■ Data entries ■
(* Let $\mathcal{E}=\{e_1,\dots,e_n\}$ be an orthonormal basis for $\mathbb{R}^n$ and let $M$ be a $k$-dimensional maximal $\mathcal{E}$-PR subspace with $k<[(n+1)/2]$. Then $k=\min\{|\mathrm{supp}(x)|:0\neq x\in M\}$.
   Context: $[a]$ is the integer part of $a$. For $x=\sum_{i=1}^n\alpha_ie_i$, $\mathrm{supp}(x)=\{i:\alpha_i\neq0\}$. A subspace $M$ is an $\mathcal{E}$-PR subspace if $\{P_Me_i\}_{i=1}^n$ (with $P_M$ the orthogonal projection onto $M$) spans $M$ and whenever $x,y\in M$ satisfy $|\langle x,P_Me_i\rangle|=|\langle y,P_Me_i\rangle|$ for all $i$, then $x=\pm y$. It is maximal if it is not a proper subspace of another $\mathcal{E}$-PR subspace. *)

From HB Require Import structures.
From mathcomp Require Import all_boot all_order all_algebra.
From mathcomp Require Import reals.
Set Implicit Arguments. Unset Strict Implicit. Unset Printing Implicit Defensive.
Import Order.TTheory GRing.Theory Num.Theory.
Local Open Scope ring_scope.

(* Vectors of R^n are row vectors 'rV[R]_n; a subspace of R^n is the row
   space of a matrix A : 'M[R]_n (mxalgebra, scope %MS). *)

Definition dotv (R : realType) (n : nat) (u v : 'rV[R]_n) : R := (u *m v^T) 0 0.

Definition orthonormal_basis (R : realType) (n : nat) (e : 'I_n -> 'rV[R]_n) :=
  forall i j : 'I_n, dotv (e i) (e j) = (i == j)%:R.

(* Matrix of the orthogonal projection onto the row space of A (acting on
   row vectors on the right): with B = row_base A (rows form a basis),
   P = B^T (B B^T)^{-1} B. *)
Definition projmx (R : realType) (n : nat) (A : 'M[R]_n) : 'M[R]_n :=
  let B := row_base A in (B^T *m invmx (B *m B^T)) *m B.

Definition proj (R : realType) (n : nat) (A : 'M[R]_n) (v : 'rV[R]_n) : 'rV[R]_n :=
  v *m projmx A.

Definition E_PR (R : realType) (n : nat) (e : 'I_n -> 'rV[R]_n) (M : 'M[R]_n) : Prop :=
  (\matrix_(i < n) proj M (e i) == M)%MS /\
  forall x y : 'rV[R]_n, (x <= M)%MS -> (y <= M)%MS ->
    (forall i : 'I_n, `|dotv x (proj M (e i))| = `|dotv y (proj M (e i))|) ->
    x = y \/ x = - y.

Definition maximal_E_PR (R : realType) (n : nat) (e : 'I_n -> 'rV[R]_n) (M : 'M[R]_n) : Prop :=
  E_PR e M /\ forall N : 'M[R]_n, E_PR e N -> ~ (M < N)%MS.

(* supp(x) w.r.t. E: x = sum_i alpha_i e_i with alpha_i = <x, e_i> *)
Definition supp (R : realType) (n : nat) (e : 'I_n -> 'rV[R]_n) (x : 'rV[R]_n) : {set 'I_n} :=
  [set i | dotv x (e i) != 0].

From HB Require Import structures.
From mathcomp Require Import all_boot all_order all_algebra.
From mathcomp Require Import reals.
From mathcomp Require Import zify lra.
From Stdlib Require Import Classical.

Set Implicit Arguments.
Unset Strict Implicit.
Unset Printing Implicit Defensive.
Import Order.TTheory GRing.Theory Num.Theory.
Local Open Scope ring_scope.

(* Since |<x, P_M e_i>| = |<x, e_i>| for x in M, a subspace M is E-PR iff
   it contains no two nonzero vectors with disjoint supports (apply the
   definition to x + y and x - y).  If 0 <> x in M had |supp x| < k = dim M,
   then M would meet the subspace orthogonal to the e_i, i in supp x,
   nontrivially, producing such a pair; so every support has size >= k.
   If all supports had size > k, pick v outside the finitely many proper
   subspaces M + span{e_i : i in A} with k + |A| < n.  Then every u in
   M + Rv outside M has |supp u| >= n - k, and as 2k < n, M + Rv would again
   contain no disjointly supported pair: it would be a larger E-PR
   subspace. *)

Section Exchange.
Variables (F : fieldType) (m n : nat).

Lemma addsmx_exchange (M : 'M[F]_(m, n)) (u v : 'rV[F]_n) :
  (u <= M + v)%MS -> ~~ (u <= M)%MS -> (v <= M + u)%MS.
Proof.
move=> uMv uM.
have MuMv : (M + u <= M + v)%MS by rewrite addsmx_sub addsmxSl.
have rk_Mv : (\rank (M + v) <= (\rank M).+1)%N.
  rewrite (leq_trans (mxrank_adds_leqif M v)) //.
  by rewrite -[X in (_ <= X)%N]addn1 leq_add2l rank_leq_row.
have rk_Mu : (\rank M < \rank (M + u))%N.
  have : (M < M + u)%MS.
    by rewrite ltmxE addsmxSl; apply: contra uM; apply: submx_trans (addsmxSr _ _).
  by rewrite ltmxErank => /andP[].
apply: submx_trans (addsmxSr M v) _.
by rewrite -(geq_leqif (mxrank_leqif_sup MuMv)); apply: leq_trans rk_Mv _.
Qed.

End Exchange.

Section InnerProduct.
Variables (R : realType) (n : nat).
Implicit Types (u v w x y : 'rV[R]_n).

Lemma dotvE u v : dotv u v = \sum_j u 0 j * v 0 j.
Proof. by rewrite /dotv !mxE; apply: eq_bigr => j _; rewrite mxE. Qed.

Lemma dotvC u v : dotv u v = dotv v u.
Proof. by rewrite !dotvE; apply: eq_bigr => j _; rewrite mulrC. Qed.

Lemma dotvDl u v w : dotv (u + v) w = dotv u w + dotv v w.
Proof. by rewrite !dotvE -big_split; apply: eq_bigr => j _; rewrite mxE mulrDl. Qed.

Lemma dotvZl a u w : dotv (a *: u) w = a * dotv u w.
Proof. by rewrite !dotvE mulr_sumr; apply: eq_bigr => j _; rewrite mxE mulrA. Qed.

Lemma dotvNl u w : dotv (- u) w = - dotv u w.
Proof. by rewrite -scaleN1r dotvZl mulN1r. Qed.

Lemma dotvv_eq0 u : (dotv u u == 0) = (u == 0).
Proof.
apply/eqP/eqP => [uu0|->]; last by rewrite dotvE big1 // => j _; rewrite mxE mul0r.
apply/rowP => j; apply/eqP; rewrite mxE -sqrf_eq0 expr2; apply/eqP.
by move: uu0; rewrite dotvE => /psumr_eq0P; apply=> // i _; rewrite -expr2 sqr_ge0.
Qed.

Lemma dotv_kermx_tr m (X : 'M[R]_(m, n)) u a :
  (u <= X)%MS -> (a <= kermx X^T)%MS -> dotv u a = 0.
Proof.
move=> /submxP[D ->] /sub_kermxP aX.
by rewrite /dotv -mulmxA -[X *m _]trmxK trmx_mul trmxK aX trmx0 mulmx0 mxE.
Qed.

Lemma eq_oppv_eq0 u : u = - u -> u = 0.
Proof.
move/eqP; rewrite -subr_eq0 opprK -mulr2n -scaler_nat scaler_eq0 pnatr_eq0 /=.
by move/eqP.
Qed.

Lemma row_free_mul_tr_unit r (B : 'M[R]_(r, n)) : row_free B -> B *m B^T \in unitmx.
Proof.
move=> freeB; rewrite -row_free_unit -kermx_eq0; apply/rowV0Pn => -[w].
move=> /sub_kermxP wBBt; apply/negP; rewrite negbK.
have /eqP wB0 : w *m B == 0.
  by rewrite -dotvv_eq0 /dotv trmx_mul mulmxA -(mulmxA w) wBBt mul0mx mxE.
by rewrite -(mul0mx _ B) in wB0; rewrite (row_free_inj freeB wB0).
Qed.

Lemma projmx_id m (A : 'M[R]_(m, n)) (M : 'M[R]_n) : (A <= M)%MS -> A *m projmx M = A.
Proof.
rewrite -(eq_row_base M) => /submxP[D ->]; rewrite /projmx.
have BBt := row_free_mul_tr_unit (row_base_free M).
set B := row_base M in BBt *.
suff -> : D *m B *m (B^T *m invmx (B *m B^T) *m B) =
    D *m (B *m B^T *m invmx (B *m B^T)) *m B by rewrite mulmxV // mulmx1.
by rewrite !mulmxA.
Qed.

Lemma trmx_projmx (M : 'M[R]_n) : (projmx M)^T = projmx M.
Proof.
rewrite /projmx; set B := row_base M; clearbody B.
by rewrite !trmx_mul !trmxK trmx_inv trmx_mul trmxK mulmxA.
Qed.

Lemma projmx_sub (M : 'M[R]_n) : (projmx M <= M)%MS.
Proof. by apply: submx_trans (submxMl _ _) _; rewrite eq_row_base. Qed.

Lemma dotv_proj (M : 'M[R]_n) x v : (x <= M)%MS -> dotv x (proj M v) = dotv x v.
Proof. by move=> xM; rewrite /dotv /proj trmx_mul trmx_projmx mulmxA projmx_id. Qed.

Lemma exists_dotv_neq0 (s : seq 'rV[R]_n) :
  all (fun a => a != 0) s -> exists v, all (fun a => dotv v a != 0) s.
Proof.
elim: s => [|a s IH] /=; first by exists 0.
case/andP => a0 /IH[v vs].
(* [dotv (v + t *: a) b] vanishes for [t = - dotv v b / dotv a b] only,
   and [t] is chosen larger than all these values in absolute value. *)
pose t := 1 + \sum_(b <- a :: s) `|dotv v b / dotv a b|.
have t_gt0 : 0 < t by rewrite ltr_pwDl // sumr_ge0.
have good b : b \in a :: s -> (dotv a b != 0) || (dotv v b != 0) ->
    dotv (v + t *: a) b != 0.
  move=> bs; rewrite dotvDl dotvZl; have [->|ab0] /= := eqVneq (dotv a b) 0.
    by rewrite mulr0 addr0.
  move=> _; apply/eqP => /addr0_eq vb.
  have /gtr0_norm tE : 0 < - dotv v b / dotv a b by rewrite vb mulfK.
  have : `|dotv v b / dotv a b| <= \sum_(c <- a :: s) `|dotv v c / dotv a c|.
    by rewrite (big_rem b) //= lerDl sumr_ge0.
  by rewrite -normrN -mulNr tE vb mulfK // /t; lra.
exists (v + t *: a); rewrite good ?mem_head ?dotvv_eq0 ?a0 //=.
by apply/allP => b bs; rewrite good ?(allP vs) ?orbT // in_cons bs orbT.
Qed.

Lemma exists_notin_subspaces (I : finType) (P : pred I) (X : I -> 'M[R]_n) :
  (forall i, P i -> \rank (X i) < n)%N -> exists v, forall i, P i -> ~~ (v <= X i)%MS.
Proof.
move=> properX.
pose normal i (a : 'rV[R]_n) := P i -> (a <= kermx (X i)^T)%MS && (a != 0).
have [a aX] : exists a, forall i, normal i (a i).
  apply: fin_all_exists => i; rewrite /normal.
  have [Pi|] := boolP (P i); last by exists 0.
  have : kermx (X i)^T != 0.
    by rewrite -mxrank_eq0 mxrank_ker mxrank_tr subn_eq0 -ltnNge properX.
  by case/rowV0Pn => b bX b0; exists b => _; apply/andP.
have [|v va] := @exists_dotv_neq0 [seq a i | i <- enum P].
  by apply/allP => b /mapP[i]; rewrite mem_enum => /aX/andP[_ ai0] ->.
exists v => i Pi; apply/negP => vX; have /andP[aiX _] := aX i Pi.
have := allP va (a i) (map_f _ _); rewrite mem_enum (dotv_kermx_tr vX aiX) eqxx.
by move/(_ Pi).
Qed.

End InnerProduct.

Section OrthonormalBasis.
Variables (R : realType) (n : nat) (e : 'I_n -> 'rV[R]_n).
Hypothesis e_orthonormal : orthonormal_basis e.
Implicit Types (u v w x y : 'rV[R]_n) (M N : 'M[R]_n) (S : {set 'I_n}).

Local Notation E := (\matrix_(i < n) e i).

Lemma basis_mx_orthogonal : E^T *m E = 1%:M.
Proof.
apply: mulmx1C; apply/matrixP => i j.
by rewrite !mxE -e_orthonormal dotvE; apply: eq_bigr => l _; rewrite !mxE.
Qed.

Lemma basis_expansion x : x = \sum_i dotv x (e i) *: e i.
Proof.
rewrite -{1}[x]mulmx1 -basis_mx_orthogonal mulmxA mulmx_sum_row.
apply: eq_bigr => i _; rewrite rowK !mxE dotvE.
by congr (_ *: _); apply: eq_bigr => j _; rewrite !mxE.
Qed.

Lemma span_proj_basis N : (\matrix_(i < n) proj N (e i) == N)%MS.
Proof.
have -> : \matrix_(i < n) proj N (e i) = E *m projmx N.
  by apply/row_matrixP => i; rewrite rowK row_mul rowK.
rewrite (submx_trans (submxMl _ _) (projmx_sub N)) /=.
apply: submx_trans (submxMl (N *m E^T) _).
by rewrite mulmxA -(mulmxA N) basis_mx_orthogonal mulmx1 projmx_id.
Qed.

Definition span_basis S : 'M[R]_(#|S|, n) := \matrix_(j < #|S|) e (enum_val j).

Lemma basis_sub_span S i : i \in S -> (e i <= span_basis S)%MS.
Proof.
move=> iS; rewrite -(enum_rankK_in iS iS) -(rowK (fun j => e (enum_val j))).
exact: row_sub.
Qed.

Lemma supp_sub_span S u : supp e u \subset S -> (u <= span_basis S)%MS.
Proof.
move=> /subsetP suppS; rewrite [u]basis_expansion; apply: summx_sub => i _.
have [iS|iS] := boolP (i \in S); first by rewrite scalemx_sub ?basis_sub_span.
have : i \notin supp e u by apply: contra iS; apply: suppS.
by rewrite inE negbK => /eqP->; rewrite scale0r sub0mx.
Qed.

Lemma supp_orth_span S y : (y <= kermx (span_basis S)^T)%MS -> [disjoint supp e y & S].
Proof.
move=> yK; rewrite disjoint_subset; apply/subsetP => i; rewrite !inE.
by apply: contra => iS; rewrite dotvC (dotv_kermx_tr (basis_sub_span iS) yK).
Qed.

Lemma disjoint_suppP u w :
  reflect (forall i, dotv u (e i) * dotv w (e i) = 0) [disjoint supp e u & supp e w].
Proof.
rewrite disjoint_subset; apply: (iffP subsetP) => [dj i|uw0 i].
  apply/eqP; rewrite mulf_eq0; have [ui|] := boolP (i \in supp e u).
    by have := dj i ui; rewrite !inE negbK => ->; rewrite orbT.
  by rewrite inE negbK => ->.
rewrite !inE => ui; apply/negP => wi.
by have /eqP := uw0 i; rewrite mulf_eq0 (negbTE ui) (negbTE wi).
Qed.

Lemma card_disjoint_supp u w :
  [disjoint supp e u & supp e w] -> (#|supp e u| + #|supp e w| <= n)%N.
Proof.
rewrite -setI_eq0 => /eqP uw0; rewrite -cardsUI uw0 cards0 addn0.
by rewrite -[X in (_ <= X)%N]card_ord max_card.
Qed.

Definition supp_overlapping N := forall u w, (u <= N)%MS -> (w <= N)%MS ->
  [disjoint supp e u & supp e w] -> u = 0 \/ w = 0.

Lemma E_PR_supp_overlapping N : E_PR e N -> supp_overlapping N.
Proof.
case=> _ PR_N u w uN wN /disjoint_suppP uw0.
have uwN := addmx_sub uN wN.
have u_wN : (u - w <= N)%MS by rewrite addmx_sub ?eqmx_opp.
have [|/addrI/eq_oppv_eq0|] := PR_N _ _ uwN u_wN; last 2 first.
- by right.
- by rewrite opprB addrC => /addrI/eq_oppv_eq0; left.
move=> i; rewrite !dotv_proj // !dotvDl dotvNl.
have /eqP := uw0 i; rewrite mulf_eq0 => /orP[]/eqP->.
  by rewrite !add0r normrN.
by rewrite oppr0 !addr0.
Qed.

Lemma supp_overlapping_E_PR N : supp_overlapping N -> E_PR e N.
Proof.
move=> ovN; split=> [|x y xN yN xy]; first exact: span_proj_basis.
have xyN := addmx_sub xN yN.
have x_yN : (x - y <= N)%MS by rewrite addmx_sub ?eqmx_opp.
have [|/eqP|/eqP] := ovN _ _ xyN x_yN.
- apply/disjoint_suppP => i; apply/eqP.
  have /eqP := xy i; rewrite !dotv_proj // eqr_norm2.
  by rewrite !dotvDl dotvNl mulf_eq0 subr_eq0 addr_eq0 orbC.
- by rewrite addr_eq0 => /eqP; right.
- by rewrite subr_eq0 => /eqP; left.
Qed.

Lemma supp_overlapping_rank_le M x :
  supp_overlapping M -> (x <= M)%MS -> x != 0 -> (\rank M <= #|supp e x|)%N.
Proof.
move=> ovM xM x0; rewrite leqNgt; apply/negP => small_supp.
pose K := kermx (span_basis (supp e x))^T.
have : (M :&: K)%MS != 0.
  rewrite -mxrank_eq0 -lt0n; have := mxrank_sum_cap M K.
  have := rank_leq_col (M + K)%MS; have := rank_leq_row (span_basis (supp e x)).
  by rewrite mxrank_ker mxrank_tr; lia.
case/rowV0Pn => y yMK y0.
have yM := submx_trans yMK (capmxSl _ _); have yK := submx_trans yMK (capmxSr _ _).
case: (ovM x y xM yM) => [|/eqP|/eqP]; rewrite ?(negbTE x0) ?(negbTE y0) //.
by rewrite disjoint_sym supp_orth_span.
Qed.

Lemma supp_overlapping_extend M :
  supp_overlapping M -> ((\rank M).*2 < n)%N ->
  (forall x, (x <= M)%MS -> x != 0 -> (\rank M < #|supp e x|)%N) ->
  exists2 N, supp_overlapping N & (M < N)%MS.
Proof.
move=> ovM small_rank large_supp; set k := \rank M in small_rank large_supp.
have [|v v_notin] := exists_notin_subspaces
    (P := fun A : {set 'I_n} => k + #|A| < n)%N (fun A => M + span_basis A)%MS.
  move=> A /=; apply: leq_ltn_trans.
  by rewrite (leq_trans (mxrank_adds_leqif _ _)) // leq_add2l rank_leq_row.
have supp_outside u : (u <= M + v)%MS -> ~~ (u <= M)%MS -> (n <= k + #|supp e u|)%N.
  move=> uMv uM; rewrite leqNgt; apply/negP => small_supp.
  apply: (negP (v_notin _ small_supp)); apply: submx_trans (addsmx_exchange uMv uM) _.
  by rewrite addsmxS ?supp_sub_span.
exists (M + v)%MS; last first.
  rewrite ltmxE addsmxSl /=; apply: contra (v_notin set0 _) => [Mv_M|]; last first.
    by rewrite /= cards0 addn0; lia.
  exact: submx_trans (submx_trans (addsmxSr M v) Mv_M) (addsmxSl _ _).
move=> u w uN wN dj_uw; have card_uw := card_disjoint_supp dj_uw.
have [->|u0] := eqVneq u 0; first by left.
have [->|w0] := eqVneq w 0; first by right.
have [uM|uM] := boolP (u <= M)%MS; have [wM|wM] := boolP (w <= M)%MS.
- exact: ovM.
- by have := large_supp u uM u0; have := supp_outside w wN wM; lia.
- by have := large_supp w wM w0; have := supp_outside u uN uM; lia.
- by have := supp_outside u uN uM; have := supp_outside w wN wM; lia.
Qed.

End OrthonormalBasis.

Theorem theorem4p6 (R : realType) (n : nat) (e : 'I_n -> 'rV[R]_n)
  (M : 'M[R]_n) (k : nat) :
  orthonormal_basis e ->
  \rank M = k ->
  maximal_E_PR e M ->
  (k < (n.+1)./2)%N ->
  (exists2 x : 'rV[R]_n, (x <= M)%MS /\ x != 0 & #|supp e x| = k) /\
  (forall x : 'rV[R]_n, (x <= M)%MS -> x != 0 -> (k <= #|supp e x|)%N).
Proof.
move=> e_orthonormal rkM [PR_M maxM] small_k.
have small_rank : ((\rank M).*2 < n)%N by rewrite rkM; lia.
have ovM := E_PR_supp_overlapping PR_M.
have k_le_supp x : (x <= M)%MS -> x != 0 -> (k <= #|supp e x|)%N.
  by rewrite -rkM; apply: supp_overlapping_rank_le.
split=> //; apply: NNPP => no_min_supp.
have [|N ovN ltMN] := supp_overlapping_extend e_orthonormal ovM small_rank.
- move=> x xM x0; rewrite rkM ltn_neqAle k_le_supp // andbT.
  by apply/eqP => supp_k; apply: no_min_supp; exists x.
- exact: maxM N (supp_overlapping_E_PR e_orthonormal ovN) ltMN.
Qed.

■ To do ■
Reproduce only the lines above spanning from the line containing "set B := row_base M in BBt *." through the line containing "(* [dotv (v", word for word.

■ Solution to this problem ■
set B := row_base M in BBt *.
suff -> : D *m B *m (B^T *m invmx (B *m B^T) *m B) =
    D *m (B *m B^T *m invmx (B *m B^T)) *m B by rewrite mulmxV // mulmx1.
by rewrite !mulmxA.
Qed.

Lemma trmx_projmx (M : 'M[R]_n) : (projmx M)^T = projmx M.
Proof.
rewrite /projmx; set B := row_base M; clearbody B.
by rewrite !trmx_mul !trmxK trmx_inv trmx_mul trmxK mulmxA.
Qed.

Lemma projmx_sub (M : 'M[R]_n) : (projmx M <= M)%MS.
Proof. by apply: submx_trans (submxMl _ _) _; rewrite eq_row_base. Qed.

Lemma dotv_proj (M : 'M[R]_n) x v : (x <= M)%MS -> dotv x (proj M v) = dotv x v.
Proof. by move=> xM; rewrite /dotv /proj trmx_mul trmx_projmx mulmxA projmx_id. Qed.

Lemma exists_dotv_neq0 (s : seq 'rV[R]_n) :
  all (fun a => a != 0) s -> exists v, all (fun a => dotv v a != 0) s.
Proof.
elim: s => [|a s IH] /=; first by exists 0.
case/andP => a0 /IH[v vs].
(* [dotv (v + t *: a) b] vanishes for [t = - dotv v b / dotv a b] only,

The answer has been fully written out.